When he laid the tab on the bar before her, she saw that the two glasses of the really nice merlot and the very nice plate of mixed cheeses and crackers came to $24.50 in Argentine pesos. Or eight bucks U.S.
She felt a twinge of guilt. The Mastersons had lived well enough on their first tour, when the peso equaled the dollar. Now, with the dramatic devaluation of the peso, they lived like kings. It was indeed nice, but also it was difficult to completely enjoy with so many suffering so visibly.
She nodded, and he picked up the tab and her credit card and went back to the cash register. Betsy went in her purse and took out a wad of pesos and pulled a five-peso note from it. For some reason, you couldn't put the tip on a credit card. Five pesos was about twenty percent, and Jack was always telling her that the Argentines were grateful for ten percent. But the bartender was a nice young man who always took good care of her, and he probably didn't make much money. Five pesos was a buck sixty.
When the bartender came back with the American Express form, she signed it, took the carbon, laid the five-peso note on the original, and pushed it across the bar to him.
"Muchas gracias, senora."
"You're welcome," Betsy said in Spanish.
She put the credit card in her wallet, and then the wallet in her purse, and closed it. She slipped off the bar stool and walked toward the entrance. This gave her a view of the kitchen, intentionally on display behind a plate-glass wall. She was always fascinated at what, in a sense, was really a feeding frenzy.

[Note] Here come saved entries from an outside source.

(* orbit lam x1 k = x_{k+1}, i.e. orbit lam x1 0 = x_1. *)
Fixpoint orbit (lam x1 : R) (k : nat) : R :=
  match k with
  | O => x1
  | S k' => F lam (orbit lam x1 k')
  end.

Definition xn (lam x1 : R) (n : nat) : R := orbit lam x1 (n - 1).

Definition Sset (lam x1 : R) : R -> Prop :=
  fun y => exists n : nat, (1 <= n)%nat /\ y = xn lam x1 n.

Definition asymp_equiv (a b : nat -> R) : Prop :=
  exists A B : R, 0 < A /\ A <= B /\
    forall n : nat, (1 <= n)%nat -> A <= a n / b n <= B.

(* S_eps = { y : dist(y,S) < eps }  (dist(y,S) < eps iff some s in S has |y-s| < eps) *)
Definition nbhd (S : R -> Prop) (eps : R) : R -> Prop :=
  fun y => exists s, S s /\ Rabs (y - s) < eps.

(* Lebesgue measure of an open set U of R: the supremum of the total lengths
   of finite families of pairwise disjoint closed intervals contained in U. *)
Definition interval_sums (U : R -> Prop) : R -> Prop :=
  fun t => exists l : list (R * R),
    Forall (fun p => fst p <= snd p /\ forall y, fst p <= y <= snd p -> U y) l /\
    ForallOrdPairs (fun p q => snd p < fst q \/ snd q < fst p) l /\
    t = fold_right (fun p acc => (snd p - fst p) + acc) 0 l.

Definition open_measure (U : R -> Prop) : R :=
  epsilon (inhabits 0) (fun m => is_lub (interval_sums U) m).

Definition mink_ratio (S : R -> Prop) (s eps : R) : R :=
  open_measure (nbhd S eps) / Rpower eps (1 - s).

(* M^{*s}(S) = limsup_{eps->0+} ratio = 0   (ratio is nonnegative) *)
Definition upper_mink_zero (S : R -> Prop) (s : R) : Prop :=
  forall eta, 0 < eta -> exists eps0, 0 < eps0 /\
    forall eps, 0 < eps < eps0 -> mink_ratio S s eps < eta.

(* M_*^s(S) = liminf_{eps->0+} ratio = 0 *)
Definition lower_mink_zero (S : R -> Prop) (s : R) : Prop :=
  forall eta, 0 < eta -> forall eps0, 0 < eps0 ->
    exists eps, 0 < eps < eps0 /\ mink_ratio S s eps < eta.

Definition is_inf (E : R -> Prop) (m : R) : Prop :=
  (forall x, E x -> m <= x) /\ (forall b, (forall x, E x -> b <= x) -> b <= m).

Definition upper_box_dim (S : R -> Prop) (d : R) : Prop :=
  is_inf (fun s => 0 <= s /\ upper_mink_zero S s) d.

Definition lower_box_dim (S : R -> Prop) (d : R) : Prop :=
  is_inf (fun s => 0 <= s /\ lower_mink_zero S s) d.

Definition box_dim (S : R -> Prop) (d : R) : Prop :=
  upper_box_dim S d /\ lower_box_dim S d.

(* Minkowski nondegenerate: exists d >= 0 with 0 < M_*^d(S) <= M^{*d}(S) < oo,
   i.e. the ratio is eventually (as eps -> 0+) bounded between two positive constants. *)
Definition mink_nondegenerate (S : R -> Prop) : Prop :=
  exists d, 0 <= d /\ exists c C eps0, 0 < c /\ 0 < eps0 /\
    forall eps, 0 < eps < eps0 -> c <= mink_ratio S d eps <= C.

Definition dist2 (x a1 a2 : R) : R := Rmin (Rabs (x - a1)) (Rabs (x - a2)).
Definition dist3 (x a1 a2 a3 : R) : R :=
  Rmin (Rabs (x - a1)) (Rmin (Rabs (x - a2)) (Rabs (x - a3))).

From Stdlib Require Import Reals Lra Lia List ClassicalEpsilon ZArith.
Open Scope R_scope.

(** The dimension statements reduce to two-sided estimates of the
    Lebesgue measure of the [eps]-neighbourhood of [{x_n}], which we compute
    from finite interval families ([open_measure] is bounded above by any
    finite cover and below by any disjoint family inside the set).  If the
    orbit approaches a finite set at rate [n^(-a)] and a return subsequence
    has gaps of order [k^(-(1+a))], then the measure is comparable to
    [eps^(a/(1+a))], i.e. the box dimension is [1/(1+a)] and the set is
    Minkowski nondegenerate ([box_dim_power_rate]).

    The rates come from normal forms at the cycle: an iterate behaves like
    [u - K u^2] (multiplier [+1], rate [1/n]) or [u - K u^3] (multiplier [-1]
    after squaring, rate [n^(-1/2)]), and iterating these gives linear growth
    of [1/u] or [1/u^2] ([quadratic_escape], [cubic_escape]).  Near the cycle
    one step of [F] is bi-Lipschitz for the distance to the cycle, which
    transfers the rate from the returns to the whole orbit
    ([orbit_tracks_cycle], [harmonic_of_blocks]).  Parts (a), (b), (d), (e)
    instantiate this with explicit Taylor expansions ([cubic_neutral_orbit],
    [flip_cycle_rate], [one_sided_cycle_rate]); part (c) uses instead that a
    hyperbolic fixed point is approached geometrically, which gives
    dimension 0.  The algebra specific to [lam = 1 + sqrt 6] and
    [lam = 1 + sqrt 8] locates the cycles and computes their multipliers. *)

(** * Measure of open sets through finite interval families *)

(** A pair [p] is read as the closed interval [[fst p, snd p]]; it is
    well formed when its endpoints are ordered. *)
Definition wf_interval (p : R * R) : Prop := fst p <= snd p.

Definition total_length (L : list (R * R)) : R :=
  fold_right (fun p acc => (snd p - fst p) + acc) 0 L.

Definition length_below (p : R * R) (t : R) : R :=
  Rmin (Rmax t (fst p)) (snd p) - fst p.

(** Total length of the parts of the intervals of [L] lying to the left of [t];
    a nondecreasing function of [t] whose increments control covered lengths. *)
Definition family_below (L : list (R * R)) (t : R) : R :=
  fold_right (fun p acc => length_below p t + acc) 0 L.

Lemma length_below_mono p t1 t2 :
  wf_interval p -> t1 <= t2 -> length_below p t1 <= length_below p t2.
Proof. unfold wf_interval, length_below, Rmin, Rmax; intros; repeat destruct Rle_dec; lra. Qed.

Lemma length_below_range p t :
  wf_interval p -> 0 <= length_below p t <= snd p - fst p.
Proof. unfold wf_interval, length_below, Rmin, Rmax; intros; repeat destruct Rle_dec; lra. Qed.

Lemma length_below_inside p t :
  fst p <= t <= snd p -> length_below p t = t - fst p.
Proof. unfold length_below, Rmin, Rmax; intros; repeat destruct Rle_dec; lra. Qed.

Lemma family_below_mono L t1 t2 :
  Forall wf_interval L -> t1 <= t2 -> family_below L t1 <= family_below L t2.
Proof.
  induction L as [|p L IH]; simpl; intros HF Ht; [lra|].
  apply Forall_cons_iff in HF as [Hp HFL].
  pose proof (length_below_mono p t1 t2 Hp Ht). specialize (IH HFL Ht). lra.
Qed.

Lemma family_below_member L p t1 t2 :
  Forall wf_interval L -> In p L -> t1 <= t2 ->
  length_below p t2 - length_below p t1 <= family_below L t2 - family_below L t1.
Proof.
  induction L as [|q L IH]; simpl; intros HF Hin Ht; [contradiction|].
  apply Forall_cons_iff in HF as [Hq HFL]. destruct Hin as [<-|Hin].
  - pose proof (family_below_mono L t1 t2 HFL Ht). lra.
  - pose proof (length_below_mono q t1 t2 Hq Ht). specialize (IH HFL Hin Ht). lra.
Qed.

Lemma family_below_range L t :
  Forall wf_interval L -> 0 <= family_below L t <= total_length L.
Proof.
  induction L as [|p L IH]; simpl; intros HF; [lra|].
  apply Forall_cons_iff in HF as [Hp HFL].
  pose proof (length_below_range p t Hp). specialize (IH HFL). lra.
Qed.
Definition Qa (m1 m2 : nat) (kappa : 'rV[C]_4 -> R) (a : 'I_2) (j : int) : R :=
  let m := mm m1 m2 a in
  let k1 := kodd m1 m2 kappa a in
  let k2 := keven m1 m2 kappa a in
  if odd m then
    (if (j %% (2 * m)%:Z)%Z == 0 then m%:R * k1 else 0)
  else if (j %% (2 * m)%:Z)%Z == 0 then (m%:R / 2) * (k2 + k1)
  else if (j %% (2 * m)%:Z)%Z == m%:Z then (m%:R / 2) * (k2 - k1)
  else 0.

(* The complex Clifford algebra of C^4: basis e_A, A a subset of {1..4}
   (e_A = e_{a1}...e_{ak}, a1 < ... < ak), e_A e_B = sgn(A,B) e_{A symdiff B}. *)
Definition clif := {ffun {set 'I_4} -> C}.
Definition clsgn (A B : {set 'I_4}) : C :=
  (-1) ^+ #|[set p : 'I_4 * 'I_4 | [&& p.1 \in A, p.2 \in B & (p.2 < p.1)%N]]|.
Definition symd (A B : {set 'I_4}) : {set 'I_4} := (A :\: B) :|: (B :\: A).
Definition clmul (x y : clif) : clif :=
  [ffun D => \sum_(A : {set 'I_4}) \sum_(B : {set 'I_4})
               (if symd A B == D then clsgn A B * x A * y B else 0)].
Definition clscal (c : C) : clif := [ffun A => if A == set0 then c else 0].
Definition cl1 : clif := clscal 1.
Definition clz : clif := clscal (-1).
Definition gamma (v : 'rV[C]_4) : clif :=
  [ffun A => \sum_(j < 4) (if A == [set j] then v 0 j else 0)].

(* the group W~ generated by gamma(alpha), alpha in R
   (each generator is its own inverse, so the generated monoid is the group) *)
Inductive Wt (m1 m2 : nat) : clif -> Prop :=
| Wt_one : Wt m1 m2 cl1
| Wt_gen v g : inR m1 m2 v -> Wt m1 m2 g -> Wt m1 m2 (clmul (gamma v) g).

She thought there must be twenty men in chef's whites tending a half-dozen stainless steel stoves, a huge, wood-fired parrilla grill, and other kitchen equipment. All busy as hell. The no-smoking dining room of the Kansas was enormous and usually full.
The entrance foyer was crowded with people giving their names to the greeter-girls to get on the get-seated roster. One of the greeters saw Betsy coming and walked quickly to hold open the door for her.
Betsy went out onto Avenida Libertador, and looked up and down the street; no husband. She turned right on the sidewalk toward what she thought of as the Park-Yourself entrance to the Kansas parking lot. There were two entrances to the large parking area behind the restaurant. The other provided valet parking.
Betsy never used it. She had decided long ago, when they had first started coming to the Kansas, that it was really a pain in the you-know-where. The valet parkers were young kids who opened the door for you, handed you a claim check, and then hopped behind the wheel and took off with a squeal of tires into the parking lot, where they proved their manhood by coming as close to other cars as they could without taking off a fender.
And then when you left, you had to find the claim check, and stand outside waiting for a parker to show up so you could give it to him. He then took off at a run into the parking lot. A couple of minutes later, the Bus would arrive with a squeal of tires, and the parker would jump out with a big smile and a hand out for his tip.
It was easier and quicker to park the Bus yourself. And when you were finished with dinner-or waiting for a husband who didn't show the simple courtesy of calling and saying he was delayed, and who didn't answer his cellular-all you had to do was walk into the parking lot, get in the Bus, and drive off.
When she'd come in today, the parking lot had been nearly full, and she'd had to drive almost to the rear of it to find a home for the Bus. But no problem. It wasn't that far, and the lot was well lit, with bright lights on tall poles on the little grassy-garden islands between the rows of parked cars.